Whether ML-based or not, a software component always meets certain requirements: It is developed in a certain business context; there are objectives to be achieved; the component is supposed to bring added value; it has a cost and may involve risks. Stakeholders, expected usage scenarios, and key performance indicators (KPIs) are usually defined during this phase. Compared to more "classical" software components, ML components bring some specific requirements with them. For example, a business objective must be transformed into a clear analysis objective (e.g., grouping customers into different segments based on their purchase history). The way to evaluate its success needs to be established (e.g., a new web shop feature improves the click rate by x percentage points, as measured in an A/B test). The business context imposes assumptions and constraints on how components are designed and built (e.g., the ML component must run on an embedded device, so time and memory complexity must be limited), on data availability (i.e., what data has been collected or can be collected and labeled), and on requirements for privacy, safety, security, fairness, etc. It also affects choices regarding how to select and evaluate models (e.g., the ML model should not have a false alarm rate greater than x%), how to handle changes in concepts and distribution, and how to perform new training (e.g., run data should be sufficiently similar to training data—up to a certain notion of similarity, an alarm should be triggered when the model extrapolates).

Data understanding

The data understanding phase can be seen as a requirement engineering phase specifically directed towards the data (it usually goes hand in hand with the business understanding phase). Indeed, the type of analysis method and the corresponding evaluation measures that can be used depend on several data-related factors (besides the analysis objective): the type of data available (e.g., unstructured data like text or images vs. structured data like tabular data), whether some ground truth is available (see the discussion in the previous section), the quality of the data (e.g., its resolution, its representativity; whether noise, outliers, or missing values are present, etc.), and how the data is gathered.

Data preparation

Together with the modeling phase, the data preparation phase belongs to the concretization phase of the ML component. Here, several artifacts are implemented in order to transform the raw data into data that can be fed into analysis methods. The way the data is prepared (e.g., labeling, removal, or imputation of outliers or missing data, features engineering, features selection) have a cost and an impact on the quality of the analysis results. Several data preparation algorithms use internal models and posit some hypotheses about the data (e.g., the data follows a Gaussian distribution), which might not coincide with reality. Additionally, adjustments need to be made depending on privacy requirements (e.g., anonymization of sensitive features) or fairness requirements (e.g., preferential sampling). Data used for model building and model evaluation might also originate from different sources (e.g., simulation vs. real data), be distributed differently, and require different data preparation steps.

Modeling

The modeling phase is probably the tip of the iceberg when it comes to developing ML components. This is where methods such as ML are applied to form and evaluate the artifacts that make up the component. As previously mentioned, this phase is strongly linked to the data preparation phase. In general, an ML component is composed of several sub-components from these two phases. The quality of the ML model is impacted by several aspects: the type of task to be solved (e.g., classification, clustering, regression, anomaly detection, dimensionality reduction, etc.), the type of model (neural network, decision tree, etc.), the data used for building (i.e., training), and evaluating the developed artifacts, as well as the manner in which the data is separated for training and validation, together with requirements on runtime complexity or safety constraints. Since the way the component is created is experimental, the way these experiments are managed (using hyper-parameter search, cross-validation, independent train-test split) also plays a role in terms of quality. The modeling phase also contains an evaluation part that aims at evaluating the trained component with regard to the available data. It does so by measuring performance measures (such as precision, recall, etc. for classification tasks), performing sensitivity analysis, or testing against adversarial examples.
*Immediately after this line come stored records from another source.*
(* Let $T>0$ and let $\theta:[0,T]\to[0,+\infty)$ be a continuous non-increasing function such that, for some integer $m\ge1$ and some constant $c>0$, $\theta^{2m-1}(t_1)\big(\theta(t_2)-\theta(t_1)\big)\le -c(t_2-t_1)\theta^{2m}(t_2)$ for all $0\le t_1\le t_2\le T$. Then $\theta(t)\le e^{-ct}\theta(0)$ for all $t\in[0,T]$. *)

From Stdlib Require Import Reals.
Open Scope R_scope.

(* theta : [0,T] -> R is modelled as a total function R -> R of which only the
   values on [0,T] matter. Continuity on [0,T] is continuity relative to [0,T]. *)
Definition in_interval (T t : R) : Prop := 0 <= t <= T.

Definition continuous_on_0T (T : R) (f : R -> R) : Prop :=
  forall t, in_interval T t -> limit1_in f (in_interval T) (f t) t.

From Stdlib Require Import Reals Lra Lia Classical.
Open Scope R_scope.

(* For [rho < 1], continuity makes [theta v >= rho * theta u] near every point
   where [theta] is positive; there the hypothesis gives the one-step decay
   [theta v <= theta u * (1 - c rho^(2m) (v - u))], so [theta u * exp (k u)]
   with [k = c rho^(2m)] is locally, hence globally, nonincreasing.  This
   gives the rate [k] for every [rho < 1], and Bernoulli's inequality lets
   [rho] tend to [1]. *)

Lemma bernoulli_ineq (x : R) (n : nat) : -1 <= x -> 1 + INR n * x <= (1 + x) ^ n.
Proof.
  intros Hx; induction n as [|n IH]; [simpl; lra|].
  rewrite S_INR, <- tech_pow_Rmult.
  assert (0 <= INR n) by apply pos_INR.
  assert ((1 + x) * (1 + INR n * x) <= (1 + x) * (1 + x) ^ n)
    by (apply Rmult_le_compat_l; lra).
  nra.
Qed.

Lemma le_of_forall_mul_one_sub_le (a b K : R) :
  (forall x, 0 < x < 1 -> a * (1 - K * x) <= b) -> a <= b.
Proof.
  intros H; apply Rle_plus_epsilon; intros eps Heps.
  set (x := Rmin (1 / 2) (eps / (Rabs (a * K) + 1))).
  assert (Habs : 0 <= Rabs (a * K)) by apply Rabs_pos.
  assert (Hx0 : 0 < x).
  { apply Rmin_glb_lt; [lra | apply Rdiv_lt_0_compat; lra]. }
  assert (Hx1 : x <= 1 / 2) by apply Rmin_l.
  assert (Hxeps : x * (Rabs (a * K) + 1) <= eps).
  { assert (x <= eps / (Rabs (a * K) + 1)) by apply Rmin_r.
    apply (Rmult_le_compat_r (Rabs (a * K) + 1)) in H0; [|lra].
    unfold Rdiv in H0; rewrite Rmult_assoc, Rinv_l in H0; lra. }
  assert (a * K * x <= Rabs (a * K) * x)
    by (apply Rmult_le_compat_r; [lra | apply RRle_abs]).
  specialize (H x ltac:(lra)); nra.
Qed.

Lemma locally_nonincreasing_le (F : R -> R) (a b : R) :
  a <= b ->
  (forall s, a <= s <= b -> exists d, 0 < d /\
     forall u v, a <= u -> u <= v -> v <= b ->
       Rabs (u - s) < d -> Rabs (v - s) < d -> F v <= F u) ->
  F b <= F a.
Proof.
  intros Hab Hloc.
  set (A := fun s => a <= s <= b /\ F s <= F a).
  destruct (completeness A) as [sg [Hub Hlub]].
  { exists b; intros x [Hx _]; lra. }
  { exists a; split; [lra | apply Rle_refl]. }
  assert (Hsg : a <= sg <= b).
  { split; [apply Hub; split; [lra | apply Rle_refl]|].
    apply Hlub; intros x [Hx _]; lra. }
  destruct (Hloc sg Hsg) as [d [Hd Hmono]].
  assert (A_sg : F sg <= F a).
  { destruct (classic (exists x, A x /\ sg - d < x)) as [[x [[Hx HFx] Hxd]] | Hnone].
    - assert (x <= sg) by (apply Hub; split; assumption).
      assert (F sg <= F x).
      { apply Hmono; try lra; apply Rabs_def1; lra. }
      lra.
    - assert (sg <= sg - d); [|lra].
      apply Hlub; intros x Ax; apply Rnot_lt_le; intros Hx.
      apply Hnone; exists x; split; assumption. }
  destruct (Rle_lt_or_eq_dec sg b (proj2 Hsg)) as [Hlt | <-]; [exfalso | exact A_sg].
  set (y := Rmin b (sg + d / 2)).
  assert (Hy : sg < y) by (apply Rmin_glb_lt; lra).
  assert (y <= b) by apply Rmin_l.
  assert (y <= sg + d / 2) by apply Rmin_r.
  assert (F y <= F sg).
  { apply Hmono; try lra; apply Rabs_def1; lra. }
  assert (y <= sg) by (apply Hub; split; lra).
  lra.
Qed.

Lemma limit1_in_ratio_near (f : R -> R) (D : R -> Prop) (s rho : R) :
  limit1_in f D (f s) s -> 0 < f s -> 0 <= rho < 1 ->
  exists d, 0 < d /\ forall u v, D u -> D v ->
    Rabs (u - s) < d -> Rabs (v - s) < d -> rho * f u <= f v.
Proof.
  intros Hlim Hs Hrho.
  destruct (Hlim ((1 - rho) * f s / 2) ltac:(nra)) as [d [Hd Hnear]].
  exists d; split; [exact Hd|]; intros u v Du Dv Hu Hv.
  pose proof (Hnear u (conj Du Hu)) as Nu; pose proof (Hnear v (conj Dv Hv)) as Nv.
  simpl in Nu, Nv; unfold R_dist in Nu, Nv.
  apply Rabs_def2 in Nu; apply Rabs_def2 in Nv.
  nra.
Qed.

Lemma pow_decay_step (n : nat) (x y rho c h : R) :
  (1 <= n)%nat -> 0 < x -> 0 <= rho -> rho * x <= y -> 0 <= c -> 0 <= h ->
  x ^ (n - 1) * (y - x) <= - c * h * y ^ n ->
  y <= x * (1 - c * rho ^ n * h).
Proof.
  intros Hn Hx Hrho Hy Hc Hh Hstep.
  assert (Hpow : (rho * x) ^ n <= y ^ n) by (apply pow_incr; nra).
  rewrite Rpow_mult_distr in Hpow.
  assert (Hxn : x ^ n = x ^ (n - 1) * x).
  { replace n with (S (n - 1)) at 1 by lia; simpl; ring. }
  assert (Hpos : 0 < x ^ (n - 1)) by (apply pow_lt; exact Hx).
  assert (0 <= c * h) by nra.
  assert (c * h * (rho ^ n * x ^ n) <= c * h * y ^ n)
    by (apply Rmult_le_compat_l; assumption).
  apply (Rmult_le_reg_l (x ^ (n - 1))); [exact Hpos|].
  rewrite Hxn in *; nra.
Qed.

Lemma mul_exp_le_of_le_mul_one_sub (x y k u v : R) :
  0 <= x -> y <= x * (1 - k * (v - u)) -> y * exp (k * v) <= x * exp (k * u).
Proof.
  intros Hx Hy.
  assert (1 - k * (v - u) <= exp (k * u - k * v))
    by (pose proof (exp_ineq1_le (k * u - k * v)); lra).
  assert (y <= x * exp (k * u - k * v)) by nra.
  replace (x * exp (k * u)) with (x * exp (k * u - k * v) * exp (k * v))
    by (rewrite Rmult_assoc, <- exp_plus; f_equal; f_equal; ring).
  pose proof (exp_pos (k * v)); nra.
Qed.

Section Decay.

Variables (T c : R) (theta : R -> R) (m : nat).
Hypotheses (theta_cont : continuous_on_0T T theta)
  (theta_noninc : forall t1 t2, 0 <= t1 -> t1 <= t2 -> t2 <= T -> theta t2 <= theta t1)
  (m_pos : (1 <= m)%nat) (c_pos : 0 < c)
  (theta_ineq : forall t1 t2, 0 <= t1 -> t1 <= t2 -> t2 <= T ->
     theta t1 ^ (2 * m - 1) * (theta t2 - theta t1)
       <= - c * (t2 - t1) * theta t2 ^ (2 * m)).

Lemma theta_decays_at_slower_rate (rho t : R) :
  0 < rho < 1 -> 0 <= t <= T -> 0 < theta t ->
  theta t * exp (c * rho ^ (2 * m) * t) <= theta 0.
Proof.
  intros Hrho Ht Htheta.
  set (k := c * rho ^ (2 * m)).
  replace (theta 0) with (theta 0 * exp (k * 0)) by (rewrite Rmult_0_r, exp_0; ring).
  apply (locally_nonincreasing_le (fun u => theta u * exp (k * u))); [lra|].
  intros s Hs.
  assert (Hpos_s : 0 < theta s) by (pose proof (theta_noninc s t); lra).
  destruct (limit1_in_ratio_near theta (in_interval T) s rho
              (theta_cont s ltac:(unfold in_interval; lra)) Hpos_s ltac:(lra))
    as [d [Hd Hnear]].
  exists d; split; [exact Hd|]; intros u v Hu Huv Hv Hus Hvs.
  assert (Hpos_u : 0 < theta u) by (pose proof (theta_noninc u t); lra).
  apply mul_exp_le_of_le_mul_one_sub; [lra|].
  apply (pow_decay_step (2 * m) _ _ rho c); try lra.
  - lia.
  - apply Hnear; unfold in_interval; try lra; assumption.
  - apply theta_ineq; lra.
Qed.

Lemma theta_le_exp_mul_one_sub (x t : R) :
  0 < x < 1 -> 0 <= t <= T -> 0 < theta t ->
  theta t * (1 - 2 * INR m * c * t * x) <= exp (- c * t) * theta 0.
Proof.
  intros Hx Ht Htheta.
  pose proof (theta_decays_at_slower_rate (1 - x) t ltac:(lra) Ht Htheta) as Hdecay.
  pose proof (bernoulli_ineq (- x) (2 * m) ltac:(lra)) as Hbern.
  rewrite mult_INR in Hbern; simpl (INR 2) in Hbern.
  replace (1 + - x) with (1 - x) in Hbern by ring.
  set (K := 2 * INR m * c * t * x).
  assert (Hrate : exp (c * t - K) <= exp (c * (1 - x) ^ (2 * m) * t)).
  { assert (Hexp : c * t - K <= c * (1 - x) ^ (2 * m) * t)
      by (unfold K; assert (0 <= c * t) by nra; nra).
    destruct (Rle_lt_or_eq_dec _ _ Hexp) as [Hlt | ->]; [|apply Rle_refl].
    left; apply exp_increasing; exact Hlt. }
  assert (Hslow : theta t * exp (c * t - K) <= theta 0).
  { apply Rle_trans with (2 := Hdecay); apply Rmult_le_compat_l; lra. }
  assert (Hsplit : exp (- K) = exp (c * t - K) * exp (- c * t))
    by (rewrite <- exp_plus; f_equal; ring).
  assert (1 - K <= exp (- K)) by (pose proof (exp_ineq1_le (- K)); lra).
  assert (theta t * (1 - K) <= theta t * exp (- K)) by (apply Rmult_le_compat_l; lra).
  pose proof (exp_pos (- c * t)); nra.
Qed.

End Decay.

Theorem lemma8p2 (T : R) (theta : R -> R) (m : nat) (c : R) :
  0 < T ->
  continuous_on_0T T theta ->
  (forall t, in_interval T t -> 0 <= theta t) ->
  (forall t1 t2, 0 <= t1 -> t1 <= t2 -> t2 <= T -> theta t2 <= theta t1) ->
  (1 <= m)%nat ->
  0 < c ->
  (forall t1 t2, 0 <= t1 -> t1 <= t2 -> t2 <= T ->
     theta t1 ^ (2 * m - 1) * (theta t2 - theta t1)
       <= - c * (t2 - t1) * theta t2 ^ (2 * m)) ->
  forall t, in_interval T t -> theta t <= exp (- c * t) * theta 0.
Proof.
  intros _ Hcont Hpos Hmon Hm Hc Hineq t Ht.
  destruct (Rle_or_lt (theta t) 0) as [Hzero | Htheta].
  - assert (0 <= theta 0) by (apply Hpos; unfold in_interval in *; lra).
    pose proof (exp_pos (- c * t)); nra.
  - apply (le_of_forall_mul_one_sub_le _ _ (2 * INR m * c * t)); intros x Hx.
    exact (theta_le_exp_mul_one_sub T c theta m Hcont Hmon Hm Hc Hineq x t Hx Ht Htheta).
Qed.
Deployment (and operation)

The original paper left the operating phase out. For our purpose, we include it. The quality at runtime is impacted by the data that flows into the ML component (e.g., the runtime data should have similar characteristics as the training and evaluation data to make reliable assumptions on the model performance). Therefore, monitoring the dataflow, the application context, and the ML component’s behavior (e.g., by estimating the output uncertainty of the ML model) is needed in order to evaluate its quality. The second point is that operation requirements (such as real-time constraints or the runtime architecture) may differ from those during development. Indeed, an ML component may require large amounts of data as well as specific libraries and hardware architectures (such as GPUs) to be built (trained). However, once developed, this component may have to be deployed in a totally different environment (e.g., in a mobile device using a different programming language). Here, the way the deployment is managed (for example, by using exchange formats such as ONNX or PMML, by using versioning and automated CI/CD tools, etc.) also impacts the quality of the ML system. The deployment phase may also introduce evaluation methods such as integration testing or runtime monitoring.

Evaluation

This was originally defined as the 5th phase, and its goal is to answer whether the ML component properly achieves the business objectives. Note that the modeling phase and possibly the deployment phase also contain an evaluation part. Here, however, the objective is to evaluate the system from a business perspective. In other words, does the system meet the KPIs defined above? This could be done, for example, through controlled experiments such as A/B tests. This allows creating feedback loops in order to select which version of an ML component gives the best results (from a business perspective). The first thing to notice is that in order to perform such an evaluation, the goals, the measures, and the methodology of the experiment have to be defined. These experiments may involve external software components (such as traffic redirection) whose internal quality may impact the way an ML component is evaluated.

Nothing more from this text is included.